"Everything was working... until it wasn't"

If you’ve ever used Kubernetes in a real-world project, you've probably hit an error that made no sense at first glance — a Pod stuck restarting, a Service not routing traffic, or your app mysteriously vanishing from the internet. The good news? You’re not alone.

This guide walks you through the most common Kubernetes problems developers and DevOps teams face — and more importantly, how to fix them quickly. Whether you're new to Kubernetes or scaling your first production app, consider this your essential cheat sheet.

1. CrashLoopBackOff — The Pod That Won’t Stay Alive

Symptoms: Your Pod starts, crashes, restarts, and repeats the loop.

Why it happens:

  • App crashes on startup due to config/env issues
  • Failing health checks (liveness probe in particular)
  • Wrong entrypoint or command in the container

How to fix it:

  1. Check the container logs:
kubectl logs <pod-name>
  1. Describe the Pod to inspect events and probe settings:
kubectl describe pod <pod-name>
  1. Disable probes temporarily to test if they’re the issue.

Pro Tip: If your app needs time to boot, adjust initialDelaySeconds in your probe.

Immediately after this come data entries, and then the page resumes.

(* Premultiplying by the nonsingular row-finite Q does not change the right
   null space, so RNS(A) = RNS(H).  In the quasi-Hermite form every nonzero
   row j has its pivot 1 at mu_j, no other row meets column mu_j, and S is the
   complement of the pivot columns; hence H y = 0 says exactly that
   y_{mu_j} = - sum_(s in S) h_{j s} y_s, a finite sum since row j vanishes
   beyond mu_j.  The free coordinates y_s (s in S) thus determine y, each
   xi^(s) is the solution with y = delta_s on S, and in every coordinate the
   partial sums of sum_k x_{s_k} xi^(s_k) are eventually equal to x: at s_m
   once k > m, at mu_j once the sum has passed all s_k <= mu_j.  Uniqueness of
   the coefficients follows by reading off coordinate s_k. *)

From HB Require Import structures.
From mathcomp Require Import all_boot all_order all_algebra.
From Stdlib Require Import Classical.
Import Order.TTheory GRing.Theory Num.Theory.
Local Open Scope ring_scope.

Set Implicit Arguments. Unset Strict Implicit.

Section OmegaSequences.
Variable C : numClosedFieldType.
Implicit Types (A M N P Q R : omat C) (a y : oseq C).

Definition dot a y (K : nat) : C := \sum_(k < K) a k * y k.

Lemma supp_below_widen a K K' : supp_below a K -> (K <= K')%N -> supp_below a K'.
Proof. by move=> ha leKK' k hk; apply: ha; apply: leq_trans hk. Qed.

2. Pending Pods — Scheduling Never Happens

Symptoms: Your Pod stays in Pending status forever.

Why it happens:

  • No available node has the required resources
  • Taints or NodeSelector mismatch
  • Wrong affinity/anti-affinity rules

How to fix it:

  • Describe the Pod:
kubectl describe pod <pod-name>

Look for reasons like Insufficient CPU.

  • Check node status:
kubectl get nodes
  • Try reducing resource requests or relaxing node constraints.

3. Service Not Routing to Pods

Symptoms: You created a Service, but can’t reach your app.

Why it happens:

  • Selector labels don’t match Pod labels
  • Target port is wrong
  • Pods are not Ready (failing readiness probes)

How to fix it:

  • Confirm Pod labels and Service selectors match:
kubectl get pods --show-labels
kubectl get svc <svc-name> -o yaml
  • Check Service endpoints:
kubectl get endpoints <svc-name>

If it shows <none>, your Service isn’t routing to any Pods.

4. ImagePullBackOff / ErrImagePull — Container Won’t Start

Symptoms: Pod never gets created due to image pulling failure.

Why it happens:

  • Wrong image name or tag
  • Image is private and you didn’t configure credentials

How to fix it:

  • Describe the Pod and read the error message:
kubectl describe pod <pod-name>
  • For private registries, create a pull secret:
kubectl create secret docker-registry regcred \
--docker-server=your-registry.com \
--docker-username=user \
--docker-password=pass

Then reference it in your Pod spec.

5. Deployment Rollout Stuck

Symptoms: Your deployment is stuck updating. Some Pods fail to start, others won’t terminate.

Why it happens:

  • Invalid image or startup command
  • New Pods failing readiness probes
  • Not enough resources on nodes

How to fix it:

  • Monitor rollout status:
kubectl rollout status deployment <deployment-name>
  • Get detailed info:
kubectl describe deployment <deployment-name>
  • Check Pod logs to diagnose what’s failing.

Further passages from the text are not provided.